Given the title and subtitle, you could think "Influencer" is Dale Carnegie for a new generation. But it's actually quite a lot more than that. "The power to change anything" the authors describe is not a "These aren't the droids you're looking for" Jedi mind trick. Nor will you have everything you need to achieve your goals as soon as you finish reading. These are tools for promoting Big Ideas -- the examples the authors give include eliminating the ghastly guinea worm, promoting condom use in Thailand's sex trade, and turning around the lives of thousands of hardened gang members -- and so the first impression that the reader will take away from this is that changing minds and hearts requires hard work and commitment on both sides of the equation.

The authors argue that changing ingrained behavior requires people to answer two questions: "Can I make the change?" and "Is it worth the effort?" "Influencer" draws from psychology, organizational theory, history, sociology, and other disciplines to isolate the key motives that drive behavior. Armed with that information, they say, influencers have the lever they need to move mountains. It still won't be easy -- identifying the relevant "vital behaviors" alone can take time, including, they suggest, poring over scientific journals and other published research. But if change came through the flip of a switch, we wouldn't need this book in the first place.

Where "Influencer" is weakest, I thought, was in tying the authors' insights together in a way that leads us through from start to finish. Though the examples they give and stories they tell illustrate individual points and methods, and are certainly impressive examples of achievement, I never connected with them on an emotional level. Perhaps it's because the authors never succeded in convincing *me* I should want to change my life and become an Influencer. Maybe I don't have enough Big Ideas.

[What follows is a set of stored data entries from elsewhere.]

(* Let $m,n,r,d$ be integers with $m,n\ge2$, $d\ge1$, $0<r<\min\{m,n\}$, let $0\le a\le rd$, and for every list of integers $(\rho_1,\dots,\rho_r)$ with $0\le\rho_i\le d$ and $\sum_i\rho_i=a$ let $$\mathcal{A}(\rho_1,\dots,\rho_r)=\Big\{L(\lambda)R(\lambda): L\in\mathbb{C}[\lambda]^{m\times r},\ R\in\mathbb{C}[\lambda]^{r\times n},\ \deg(R_{i*})=\rho_i,\ \deg(L_{*i})=d-\rho_i\ (i=1,\dots,r)\Big\}.$$ Then, for any such list $(\rho_1,\dots,\rho_r)$: (i) if $(\sigma_1,\dots,\sigma_r)$ is any permutation of $(1,\dots,r)$, then $\mathcal{A}(\rho_1,\dots,\rho_r)=\mathcal{A}(\rho_{\sigma_1},\dots,\rho_{\sigma_r})$; (ii) if $\rho_j-\rho_k\ge2$ for some indices $j\ne k$, then $\mathcal{A}(\rho_1,\dots,\rho_r)\subseteq\overline{\mathcal{A}(\rho'_1,\dots,\rho'_r)}$, where $\rho'_j=\rho_j-1$, $\rho'_k=\rho_k+1$ and $\rho'_i=\rho_i$ for $i\ne j,k$; (iii) if $d_R=\lfloor a/r\rfloor$ and $t_R=a\bmod r$, then $\mathcal{A}(\rho_1,\dots,\rho_r)\subseteq\overline{\mathcal{A}(d_R+1,\dots,d_R+1,d_R,\dots,d_R)}$, where $d_R+1$ appears $t_R$ times and $d_R$ appears $r-t_R$ times.
   Context: Degree of a polynomial vector: maximum degree of entries, $\deg0=-\infty$. $L_{*i}$: $i$th column; $R_{i*}$: $i$th row. Closures are taken in the space $\mathbb{C}[\lambda]^{m\times n}_d$ of complex $m\times n$ polynomial matrices of degree at most $d$, with metric $\mathrm{dist}(P,Q)=(\sum_{i=0}^d\|P_i-Q_i\|_F^2)^{1/2}$, $P_i,Q_i$ the coefficients of $\lambda^i$. *)

(* complex numbers C := R[i] over an arbitrary realType R
   (every realType is a complete archimedean ordered field, i.e. the reals). *)
From HB Require Import structures.
From mathcomp Require Import all_boot all_order all_algebra all_fingroup.
From mathcomp Require Import complex.
From mathcomp Require Import reals.
Set Implicit Arguments. Unset Strict Implicit. Unset Printing Implicit Defensive.
Import Order.TTheory GRing.Theory Num.Theory.
Local Open Scope ring_scope.
Local Open Scope complex_scope.

Section PolyMx.
Variable R : realType.
Local Notation C := (R[i]).

(* deg of a polynomial vector (max of entry degrees, deg 0 = -oo) equals k,
   for k a natural number: the max of entry sizes (size = deg + 1) is k+1. *)
Definition row_deg_is p q (M : 'M[{poly C}]_(p, q)) (i : 'I_p) (k : nat) : Prop :=
  (\max_(j < q) size (M i j))%N = k.+1.
Definition col_deg_is p q (M : 'M[{poly C}]_(p, q)) (j : 'I_q) (k : nat) : Prop :=
  (\max_(i < p) size (M i j))%N = k.+1.

Definition calA (m n r d : nat) (rho : 'I_r -> nat) : 'M[{poly C}]_(m, n) -> Prop :=
  fun P => exists (L : 'M[{poly C}]_(m, r)) (Rm : 'M[{poly C}]_(r, n)),
    P = L *m Rm /\
    forall i : 'I_r, row_deg_is Rm i (rho i) /\ col_deg_is L i (d - rho i).

Definition deg_le_mx (m n d : nat) (P : 'M[{poly C}]_(m, n)) : Prop :=
  forall i j, (size (P i j) <= d.+1)%N.

Definition normsqC (z : C) : R := (@complex.Re R z) ^+ 2 + (@complex.Im R z) ^+ 2.

Definition pdist (m n d : nat) (P Q : 'M[{poly C}]_(m, n)) : R :=
  Num.sqrt (\sum_(l < d.+1) \sum_(i < m) \sum_(j < n)
              normsqC ((P i j)`_l - (Q i j)`_l)).

Definition closure_d (m n d : nat) (S : 'M[{poly C}]_(m, n) -> Prop)
    (P : 'M[{poly C}]_(m, n)) : Prop :=
  deg_le_mx d P /\
  forall e : R, 0 < e -> exists Q, S Q /\ deg_le_mx d Q /\ pdist d P Q < e.

End PolyMx.
Arguments calA {R} m n r d rho _.
Arguments closure_d {R} m n d S P.
Arguments deg_le_mx {R} m n d P.
Arguments pdist {R} m n d P Q.

From HB Require Import structures.
From mathcomp Require Import all_boot all_order all_algebra all_fingroup.
From mathcomp Require Import complex reals ring lra zify.
Import Order.TTheory GRing.Theory Num.Theory.
Set Implicit Arguments. Unset Strict Implicit. Unset Printing Implicit Defensive.
Local Open Scope ring_scope.
Local Open Scope complex_scope.

(* (i) Permuting the columns of L and the rows of R by the same permutation leaves LR unchanged.
   (ii) Write R_j = c + lambda q and L_k = e + lambda p with c, e constant.  For eps <> 0, the
   columns lambda L_j + eps e and p - L_j / eps of a new left factor, together with the rows
   q + R_k / eps and lambda R_k - eps c of a new right factor, have degrees d - rho_j + 1,
   d - rho_k - 1, rho_j - 1 and rho_k + 1 (the gap rho_j - rho_k >= 2 keeps the 1/eps terms
   from raising the degree), and the product differs from LR only by eps (e q - p c), which
   tends to 0 with eps.
   (iii) A step of (ii) keeps sum rho_i and strictly decreases sum rho_i^2, so iterating it
   (the closure is transitive) reaches a profile whose entries pairwise differ by at most one.
   Such a profile takes the values a/r + 1 and a/r, the first one exactly a mod r times, so it
   is a rearrangement of the target profile and (i) concludes. *)

Section Closure.
Variables (R : realType) (m n d : nat).
Local Notation C := R[i].
Local Notation mx := 'M[{poly C}]_(m, n).

Definition pdist2 (P Q : mx) : R :=
  \sum_(l < d.+1) \sum_(i < m) \sum_(j < n) normsqC ((P i j)`_l - (Q i j)`_l).

Lemma normsqC_ge0 (z : C) : 0 <= normsqC z.
Proof. by rewrite addr_ge0 ?sqr_ge0. Qed.

Lemma normsqCZ (c : R) (z : C) : normsqC (c%:C * z) = c ^+ 2 * normsqC z.
Proof. by case: z => x y; rewrite /normsqC /=; ring. Qed.

Lemma normsqCN (z : C) : normsqC (- z) = normsqC z.
Proof. by case: z => x y; rewrite /normsqC /= !sqrrN. Qed.

Lemma normsqCD_le (z w : C) : normsqC (z + w) <= 2 * normsqC z + 2 * normsqC w.
Proof.
case: z w => [x y] [x' y']; rewrite /normsqC /=.
have := sqr_ge0 (x - x'); have := sqr_ge0 (y - y'); nra.
Qed.

Lemma pdist2_ge0 (P Q : mx) : 0 <= pdist2 P Q.
Proof. by do 3!apply: sumr_ge0 => ? _; exact: normsqC_ge0. Qed.

(* This weak triangle inequality is all the transitivity of the closure needs. *)
Lemma pdist2_triangle (P Q S : mx) :
  pdist2 P S <= 2 * pdist2 P Q + 2 * pdist2 Q S.
Proof.
rewrite /pdist2 !mulr_sumr -big_split; apply: ler_sum => l _.
rewrite !mulr_sumr -big_split; apply: ler_sum => i _.
rewrite !mulr_sumr -big_split; apply: ler_sum => j _.
by have := normsqCD_le ((P i j)`_l - (Q i j)`_l) ((Q i j)`_l - (S i j)`_l); rewrite addrA subrK.
Qed.

Lemma pdist_lt (P Q : mx) (e : R) : 0 < e -> (pdist m n d P Q < e) = (pdist2 P Q < e ^+ 2).
Proof. by move=> e_gt0; rewrite -{1}(gtr0_norm e_gt0) -sqrtr_sqr ltr_sqrt ?exprn_gt0. Qed.

Lemma pdist2_segment (P E : mx) (c : R) :
  pdist2 P (P + c%:C%:P *: E) = c ^+ 2 * pdist2 E 0.
Proof.
rewrite /pdist2 !mulr_sumr; apply: eq_bigr => l _.
rewrite !mulr_sumr; apply: eq_bigr => i _.
rewrite !mulr_sumr; apply: eq_bigr => j _.
by rewrite !mxE coefD coefCM opprD addNKr normsqCN normsqCZ coef0 subr0.
Qed.

Lemma closure_d_refl (S : mx -> Prop) P : deg_le_mx m n d P -> S P -> closure_d m n d S P.
Proof.
move=> dP SP; split=> // e e_gt0; exists P; split=> //; split=> //.
rewrite pdist_lt // /pdist2 big1 ?exprn_gt0 // => l _.
by do 2!rewrite big1 // => ? _; rewrite subrr /normsqC /= expr0n addr0.
Qed.

Lemma closure_d_trans (S T : mx -> Prop) P :
  (forall Q, S Q -> closure_d m n d T Q) -> closure_d m n d S P -> closure_d m n d T P.
Proof.
move=> ST [dP clP]; split=> // e e_gt0.
have e2_gt0 : 0 < e / 2 by rewrite divr_gt0.
have [Q [SQ [_ PQ]]] := clP _ e2_gt0.
have [_ /(_ _ e2_gt0) [U [TU [dU QU]]]] := ST Q SQ.
exists U; split=> //; split=> //.
move: PQ QU; rewrite !pdist_lt // => PQ QU.
apply: le_lt_trans (pdist2_triangle P Q U) _.
have -> : e ^+ 2 = 2 * (e / 2) ^+ 2 + 2 * (e / 2) ^+ 2 by field.
by rewrite ltrD // ltr_pM2l.
Qed.

Lemma closure_d_segment (S : mx -> Prop) P E :
  (forall Q, S Q -> deg_le_mx m n d Q) -> deg_le_mx m n d P ->
  (forall c : R, 0 < c -> S (P + c%:C%:P *: E)) -> closure_d m n d S P.
Proof.
move=> Sdeg dP SPE; split=> // e e_gt0.
pose c := e / (pdist2 E 0 + 1).
have K_ge0 := pdist2_ge0 E 0.
have c_gt0 : 0 < c by rewrite divr_gt0 // ltr_wpDl.
have cK : c * (pdist2 E 0 + 1) = e by rewrite /c mulfVK // gt_eqF // ltr_wpDl.
exists (P + c%:C%:P *: E); split; first exact: SPE.
split; first exact/Sdeg/SPE.
by rewrite pdist_lt // pdist2_segment -cK; nra.
Qed.

End Closure.

Lemma bigmax_eqSP q (h : 'I_q -> nat) s :
  (\max_(y < q) h y)%N = s.+1 <-> (exists y, h y = s.+1) /\ (forall y, h y <= s.+1)%N.
Proof.
split=> [hmax | [[y <-] h_le]].
  split=> [|y]; last by rewrite -hmax leq_bigmax.
  case: q h hmax => [|q] h; first by rewrite big_ord0.
  have [y ->] : {y | (\max_i h i)%N = h y} by apply: bigop.eq_bigmax; rewrite card_ord.
  by exists y.
by apply/eqP; rewrite eqn_leq leq_bigmax andbT; apply/bigmax_leqP => z _.
Qed.

Section SizeBigmax.
Variables (K : nzRingType) (q : nat).
Implicit Types (f g : 'I_q -> {poly K}) (s : nat).

Lemma bigmax_sizeDl f g s :
  (\max_(y < q) size (f y))%N = s.+1 -> (forall y, size (g y) <= s)%N ->
  (\max_(y < q) size (f y + g y)%R)%N = s.+1.
Proof.
move=> /bigmax_eqSP [[y0 f_y0] f_le] g_le; apply/bigmax_eqSP; split.
  by exists y0; rewrite size_polyDl // f_y0 ltnS.
move=> y; apply: leq_trans (size_polyD _ _) _.
by rewrite geq_max f_le (leq_trans (g_le y)).
Qed.

Lemma bigmax_size_mulX f s :
  (\max_(y < q) size (f y))%N = s.+1 -> (\max_(y < q) size ('X * f y)%R)%N = s.+2.
Proof.
move=> /bigmax_eqSP [[y0 f_y0] f_le]; apply/bigmax_eqSP; split.
  by exists y0; rewrite -commr_polyX size_mulX ?f_y0 // -size_poly_eq0 f_y0.
move=> y; have [->|fy_neq0] := eqVneq (f y) 0; first by rewrite mulr0 size_poly0.
by rewrite -commr_polyX size_mulX // ltnS.
Qed.

Lemma bigmax_size_drop1 f s :
  (\max_(y < q) size (f y))%N = s.+2 ->
  (\max_(y < q) size (drop_poly 1 (f y)))%N = s.+1.
Proof.
move=> /bigmax_eqSP [[y0 f_y0] f_le]; apply/bigmax_eqSP; split.
  by exists y0; rewrite size_drop_poly f_y0 subn1.
by move=> y; rewrite size_drop_poly leq_subLR add1n.
Qed.

End SizeBigmax.

Section Profiles.
Variables (R : realType) (m n r d : nat).
Local Notation C := R[i].

Lemma calA_ext (rho rho' : 'I_r -> nat) (P : 'M[{poly C}]_(m, n)) :
  rho =1 rho' -> calA m n r d rho P -> calA m n r d rho' P.
Proof. by move=> e [L [Rm [-> degs]]]; exists L, Rm; split=> // i; rewrite -e. Qed.

Lemma calA_perm (rho : 'I_r -> nat) (s : 'S_r) (P : 'M[{poly C}]_(m, n)) :
  calA m n r d rho P -> calA m n r d (rho \o s) P.
Proof.
move=> [L [Rm [-> degs]]].
exists (\matrix_(x, i) L x (s i)), (\matrix_(i, y) Rm (s i) y); split.
  apply/matrixP => x y; rewrite !mxE (reindex_inj (@perm_inj _ s)) /=.
  by apply: eq_bigr => i _; rewrite !mxE.
move=> i; have [row_i col_i] := degs (s i); split.
  by rewrite /row_deg_is -row_i; apply: eq_bigr => y _; rewrite mxE.
by rewrite /col_deg_is -col_i; apply: eq_bigr => x _; rewrite mxE.
Qed.

Lemma calA_permE (rho : 'I_r -> nat) (s : 'S_r) (P : 'M[{poly C}]_(m, n)) :
  calA m n r d rho P <-> calA m n r d (rho \o s) P.
Proof.
split; first exact: calA_perm.
by move=> /(calA_perm s^-1) /calA_ext; apply=> i /=; rewrite permKV.
Qed.

Lemma calA_deg_le (rho : 'I_r -> nat) (P : 'M[{poly C}]_(m, n)) :
  (forall i, rho i <= d)%N -> calA m n r d rho P -> deg_le_mx m n d P.
Proof.
move=> rho_le [L [Rm [-> degs]]] x y; rewrite mxE.
apply: (big_ind (fun p : {poly C} => size p <= d.+1)%N); first by rewrite size_poly0.
  by move=> p1 p2 h1 h2; apply: leq_trans (size_polyD _ _) _; rewrite geq_max h1.
move=> i _; have [/bigmax_eqSP [_ row_le] /bigmax_eqSP [_ col_le]] := degs i.
apply: leq_trans (size_polyMleq _ _) _.
by move: (col_le x) (row_le y) (rho_le i) => /=; lia.
Qed.

End Profiles.

Definition move_unit r (rho : 'I_r -> nat) (j k : 'I_r) : 'I_r -> nat :=
  fun i => if i == j then (rho j - 1)%N else if i == k then (rho k + 1)%N else rho i.

Section MoveUnit.
Variables (r : nat) (rho : 'I_r -> nat) (j k : 'I_r).
Hypothesis neq_jk : j != k.

Lemma move_unit_le d : (rho k < rho j)%N -> (forall i, rho i <= d)%N ->
  forall i, (move_unit rho j k i <= d)%N.
Proof.
move=> lt_kj rho_le i; rewrite /move_unit.
case: eqP => _; first by rewrite leq_subLR (leq_trans (rho_le j)) ?leq_addl.
by case: eqP => [_|_ //]; rewrite addn1 (leq_trans lt_kj).
Qed.

Lemma sum_move_unit (F : nat -> nat) :
  (\sum_i F (move_unit rho j k i) + (F (rho j) + F (rho k)) =
   \sum_i F (rho i) + (F (rho j - 1) + F (rho k + 1)))%N.
Proof.
have neq_kj : k != j by rewrite eq_sym.
rewrite (bigD1 j) // (bigD1 k) //= [in RHS](bigD1 j) // [in RHS](bigD1 k) //=.
rewrite /move_unit eqxx (negbTE neq_kj) eqxx.
under eq_bigr => i /andP [nij nik] do rewrite (negbTE nij) (negbTE nik).
lia.
Qed.

End MoveUnit.

Lemma transfer_pair_id (T : comRingType) (x a b c c' e e' s u eps : T) : eps * u = 1 ->
  (x * a + eps * e) * (c' + u * b) + ((e' - u * a) * (x * b - eps * c) + s)
  = a * (c + c' * x) + ((e + e' * x) * b + s) + eps * (e * c' - e' * c).
Proof.
(* The two sides differ by (eps u - 1) (e b + a c). *)
move=> eps_u; rewrite -[RHS]addr0 -(mul0r (e * b + a * c)) -(subrr 1) -{1}eps_u.
ring.
Qed.

Section UnitTransfer.
Variables (R : realType) (m n r d : nat) (rho : 'I_r -> nat) (j k : 'I_r).
Local Notation C := R[i].
Variables (L : 'M[{poly C}]_(m, r)) (Rm : 'M[{poly C}]_(r, n)).
Hypotheses (neq_jk : j != k) (gap_jk : (rho k + 2 <= rho j)%N) (rhoj_le : (rho j <= d)%N).
Hypothesis degs : forall i, row_deg_is Rm i (rho i) /\ col_deg_is L i (d - rho i).

Definition transferL (eps : C) : 'M[{poly C}]_(m, r) := \matrix_(x, i)
  if i == j then 'X * L x j + eps *: take_poly 1 (L x k)
  else if i == k then drop_poly 1 (L x k) - eps^-1 *: L x j
  else L x i.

Little of the content of this book is truly original (for example, you could probably substitute "Made to Stick: Why Some Ideas Survive and Others Die" by Chip Heath and Dan Heath [Random House, 2007] for a good portion of chapter 3 at least). What will probably make "Influencer" influential is the authors' pulling all that information together and presenting it in a way that will make Influencers-to-be feel like they're taking in hard science. Will they then be willing and able to put in the work required -- and will their Big Ideas deserve it? Answering that will take far more than one volume to sort out.

64 of 69 found the following review helpful:


5Fascinating and Helpful  Aug 27, 2007 By J. A. KONRATH "Thriller Author"
Influencing people isn't easy. This book looks at several influence success stories, including an Indian bank specializing in micro loans, reducing AIDS in Thailand, eradicating the guinea worm, and an environment that changes criminal behavior, and analyzes why they were successful.

It's a compelling study of human nature and why people do the things they do. I learned a lot, and will be able to apply some of it to my everyday life. But if you're in management, politics, or any sort of position where you need to deal with people, this is a must-read.

Do these techniques work? Look how many folks have reviewed this book prior to publication. Read Chapter 8 to find out why they have.